▸ LISTED RECORDS:
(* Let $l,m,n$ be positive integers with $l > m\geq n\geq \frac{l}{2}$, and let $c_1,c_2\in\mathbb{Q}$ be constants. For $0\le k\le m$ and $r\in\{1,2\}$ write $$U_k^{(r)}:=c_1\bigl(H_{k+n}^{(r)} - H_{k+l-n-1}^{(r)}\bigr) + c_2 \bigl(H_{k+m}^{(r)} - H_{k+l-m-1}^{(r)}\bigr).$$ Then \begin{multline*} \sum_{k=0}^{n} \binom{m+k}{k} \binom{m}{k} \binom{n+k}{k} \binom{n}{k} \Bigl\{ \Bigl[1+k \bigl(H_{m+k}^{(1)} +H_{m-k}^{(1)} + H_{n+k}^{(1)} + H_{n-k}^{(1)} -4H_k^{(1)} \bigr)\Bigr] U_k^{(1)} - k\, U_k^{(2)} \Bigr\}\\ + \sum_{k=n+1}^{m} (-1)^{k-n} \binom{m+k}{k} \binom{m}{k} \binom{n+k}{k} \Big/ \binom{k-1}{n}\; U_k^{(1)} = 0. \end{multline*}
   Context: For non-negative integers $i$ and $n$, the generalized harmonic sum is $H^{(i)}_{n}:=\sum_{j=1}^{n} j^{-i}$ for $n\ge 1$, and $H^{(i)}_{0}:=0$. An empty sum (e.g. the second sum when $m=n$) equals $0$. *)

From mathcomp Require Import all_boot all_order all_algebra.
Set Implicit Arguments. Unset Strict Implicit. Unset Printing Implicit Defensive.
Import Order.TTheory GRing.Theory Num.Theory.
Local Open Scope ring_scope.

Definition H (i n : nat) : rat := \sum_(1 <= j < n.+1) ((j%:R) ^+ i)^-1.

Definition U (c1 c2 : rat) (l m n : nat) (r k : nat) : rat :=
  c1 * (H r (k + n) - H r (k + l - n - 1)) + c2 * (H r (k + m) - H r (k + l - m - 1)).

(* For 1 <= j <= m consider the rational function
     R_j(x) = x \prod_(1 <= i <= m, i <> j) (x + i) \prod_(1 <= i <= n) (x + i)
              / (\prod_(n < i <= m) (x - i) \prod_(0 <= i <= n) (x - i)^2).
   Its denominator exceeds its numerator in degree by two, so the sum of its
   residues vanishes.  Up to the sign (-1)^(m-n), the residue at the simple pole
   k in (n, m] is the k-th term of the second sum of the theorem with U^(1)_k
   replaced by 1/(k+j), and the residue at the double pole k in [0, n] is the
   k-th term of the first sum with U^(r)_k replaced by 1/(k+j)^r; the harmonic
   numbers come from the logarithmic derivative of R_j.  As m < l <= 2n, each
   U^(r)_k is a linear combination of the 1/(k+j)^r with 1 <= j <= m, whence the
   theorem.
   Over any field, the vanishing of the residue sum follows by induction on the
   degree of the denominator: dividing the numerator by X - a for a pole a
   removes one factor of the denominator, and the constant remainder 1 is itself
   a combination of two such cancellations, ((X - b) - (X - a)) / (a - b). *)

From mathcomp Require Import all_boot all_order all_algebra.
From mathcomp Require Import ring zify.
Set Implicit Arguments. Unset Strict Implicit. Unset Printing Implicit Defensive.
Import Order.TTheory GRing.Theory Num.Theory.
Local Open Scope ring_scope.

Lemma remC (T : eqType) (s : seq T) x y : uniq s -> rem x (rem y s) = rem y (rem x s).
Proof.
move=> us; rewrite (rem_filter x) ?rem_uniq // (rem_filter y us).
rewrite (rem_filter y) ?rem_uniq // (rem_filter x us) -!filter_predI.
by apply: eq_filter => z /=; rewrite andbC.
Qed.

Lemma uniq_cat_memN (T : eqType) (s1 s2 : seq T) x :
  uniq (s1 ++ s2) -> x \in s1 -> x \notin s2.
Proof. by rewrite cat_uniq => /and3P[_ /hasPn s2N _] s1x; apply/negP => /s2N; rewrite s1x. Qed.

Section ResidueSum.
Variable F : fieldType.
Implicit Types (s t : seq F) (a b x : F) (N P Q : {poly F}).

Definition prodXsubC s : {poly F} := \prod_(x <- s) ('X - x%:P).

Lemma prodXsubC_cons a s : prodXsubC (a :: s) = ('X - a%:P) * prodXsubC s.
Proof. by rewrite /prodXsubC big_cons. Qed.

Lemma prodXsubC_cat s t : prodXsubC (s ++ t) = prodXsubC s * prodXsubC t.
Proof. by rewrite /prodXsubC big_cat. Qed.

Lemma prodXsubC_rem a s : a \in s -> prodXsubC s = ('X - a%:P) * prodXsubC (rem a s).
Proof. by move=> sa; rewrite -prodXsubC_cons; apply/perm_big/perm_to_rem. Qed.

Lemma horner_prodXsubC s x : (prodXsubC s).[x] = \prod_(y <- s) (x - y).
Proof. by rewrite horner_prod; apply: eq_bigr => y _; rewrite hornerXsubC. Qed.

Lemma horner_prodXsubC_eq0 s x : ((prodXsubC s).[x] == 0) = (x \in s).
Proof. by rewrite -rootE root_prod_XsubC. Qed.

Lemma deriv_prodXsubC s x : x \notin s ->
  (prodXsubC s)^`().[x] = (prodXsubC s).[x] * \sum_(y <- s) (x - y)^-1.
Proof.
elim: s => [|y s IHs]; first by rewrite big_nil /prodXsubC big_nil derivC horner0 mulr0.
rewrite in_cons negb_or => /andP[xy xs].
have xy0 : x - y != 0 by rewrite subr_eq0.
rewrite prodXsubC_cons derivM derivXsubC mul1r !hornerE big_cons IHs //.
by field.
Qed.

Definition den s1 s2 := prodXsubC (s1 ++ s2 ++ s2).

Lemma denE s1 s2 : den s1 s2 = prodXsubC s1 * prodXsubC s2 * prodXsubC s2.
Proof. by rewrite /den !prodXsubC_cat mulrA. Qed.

▸ PROBLEM DETAILS:
Retype the listing exactly.

▸ ANSWER BOX:
(* Let $l,m,n$ be positive integers with $l > m\geq n\geq \frac{l}{2}$, and let $c_1,c_2\in\mathbb{Q}$ be constants. For $0\le k\le m$ and $r\in\{1,2\}$ write $$U_k^{(r)}:=c_1\bigl(H_{k+n}^{(r)} - H_{k+l-n-1}^{(r)}\bigr) + c_2 \bigl(H_{k+m}^{(r)} - H_{k+l-m-1}^{(r)}\bigr).$$ Then \begin{multline*} \sum_{k=0}^{n} \binom{m+k}{k} \binom{m}{k} \binom{n+k}{k} \binom{n}{k} \Bigl\{ \Bigl[1+k \bigl(H_{m+k}^{(1)} +H_{m-k}^{(1)} + H_{n+k}^{(1)} + H_{n-k}^{(1)} -4H_k^{(1)} \bigr)\Bigr] U_k^{(1)} - k\, U_k^{(2)} \Bigr\}\\ + \sum_{k=n+1}^{m} (-1)^{k-n} \binom{m+k}{k} \binom{m}{k} \binom{n+k}{k} \Big/ \binom{k-1}{n}\; U_k^{(1)} = 0. \end{multline*}
   Context: For non-negative integers $i$ and $n$, the generalized harmonic sum is $H^{(i)}_{n}:=\sum_{j=1}^{n} j^{-i}$ for $n\ge 1$, and $H^{(i)}_{0}:=0$. An empty sum (e.g. the second sum when $m=n$) equals $0$. *)

From mathcomp Require Import all_boot all_order all_algebra.
Set Implicit Arguments. Unset Strict Implicit. Unset Printing Implicit Defensive.
Import Order.TTheory GRing.Theory Num.Theory.
Local Open Scope ring_scope.

Definition H (i n : nat) : rat := \sum_(1 <= j < n.+1) ((j%:R) ^+ i)^-1.

Definition U (c1 c2 : rat) (l m n : nat) (r k : nat) : rat :=
  c1 * (H r (k + n) - H r (k + l - n - 1)) + c2 * (H r (k + m) - H r (k + l - m - 1)).

(* For 1 <= j <= m consider the rational function
     R_j(x) = x \prod_(1 <= i <= m, i <> j) (x + i) \prod_(1 <= i <= n) (x + i)
              / (\prod_(n < i <= m) (x - i) \prod_(0 <= i <= n) (x - i)^2).
   Its denominator exceeds its numerator in degree by two, so the sum of its
   residues vanishes.  Up to the sign (-1)^(m-n), the residue at the simple pole
   k in (n, m] is the k-th term of the second sum of the theorem with U^(1)_k
   replaced by 1/(k+j), and the residue at the double pole k in [0, n] is the
   k-th term of the first sum with U^(r)_k replaced by 1/(k+j)^r; the harmonic
   numbers come from the logarithmic derivative of R_j.  As m < l <= 2n, each
   U^(r)_k is a linear combination of the 1/(k+j)^r with 1 <= j <= m, whence the
   theorem.
   Over any field, the vanishing of the residue sum follows by induction on the
   degree of the denominator: dividing the numerator by X - a for a pole a
   removes one factor of the denominator, and the constant remainder 1 is itself
   a combination of two such cancellations, ((X - b) - (X - a)) / (a - b). *)

From mathcomp Require Import all_boot all_order all_algebra.
From mathcomp Require Import ring zify.
Set Implicit Arguments. Unset Strict Implicit. Unset Printing Implicit Defensive.
Import Order.TTheory GRing.Theory Num.Theory.
Local Open Scope ring_scope.

Lemma remC (T : eqType) (s : seq T) x y : uniq s -> rem x (rem y s) = rem y (rem x s).
Proof.
move=> us; rewrite (rem_filter x) ?rem_uniq // (rem_filter y us).
rewrite (rem_filter y) ?rem_uniq // (rem_filter x us) -!filter_predI.
by apply: eq_filter => z /=; rewrite andbC.
Qed.

Lemma uniq_cat_memN (T : eqType) (s1 s2 : seq T) x :
  uniq (s1 ++ s2) -> x \in s1 -> x \notin s2.
Proof. by rewrite cat_uniq => /and3P[_ /hasPn s2N _] s1x; apply/negP => /s2N; rewrite s1x. Qed.

Section ResidueSum.
Variable F : fieldType.
Implicit Types (s t : seq F) (a b x : F) (N P Q : {poly F}).

Definition prodXsubC s : {poly F} := \prod_(x <- s) ('X - x%:P).

Lemma prodXsubC_cons a s : prodXsubC (a :: s) = ('X - a%:P) * prodXsubC s.
Proof. by rewrite /prodXsubC big_cons. Qed.

Lemma prodXsubC_cat s t : prodXsubC (s ++ t) = prodXsubC s * prodXsubC t.
Proof. by rewrite /prodXsubC big_cat. Qed.

Lemma prodXsubC_rem a s : a \in s -> prodXsubC s = ('X - a%:P) * prodXsubC (rem a s).
Proof. by move=> sa; rewrite -prodXsubC_cons; apply/perm_big/perm_to_rem. Qed.

Lemma horner_prodXsubC s x : (prodXsubC s).[x] = \prod_(y <- s) (x - y).
Proof. by rewrite horner_prod; apply: eq_bigr => y _; rewrite hornerXsubC. Qed.

Lemma horner_prodXsubC_eq0 s x : ((prodXsubC s).[x] == 0) = (x \in s).
Proof. by rewrite -rootE root_prod_XsubC. Qed.

Lemma deriv_prodXsubC s x : x \notin s ->
  (prodXsubC s)^`().[x] = (prodXsubC s).[x] * \sum_(y <- s) (x - y)^-1.
Proof.
elim: s => [|y s IHs]; first by rewrite big_nil /prodXsubC big_nil derivC horner0 mulr0.
rewrite in_cons negb_or => /andP[xy xs].
have xy0 : x - y != 0 by rewrite subr_eq0.
rewrite prodXsubC_cons derivM derivXsubC mul1r !hornerE big_cons IHs //.
by field.
Qed.

Definition den s1 s2 := prodXsubC (s1 ++ s2 ++ s2).

Lemma denE s1 s2 : den s1 s2 = prodXsubC s1 * prodXsubC s2 * prodXsubC s2.
Proof. by rewrite /den !prodXsubC_cat mulrA. Qed.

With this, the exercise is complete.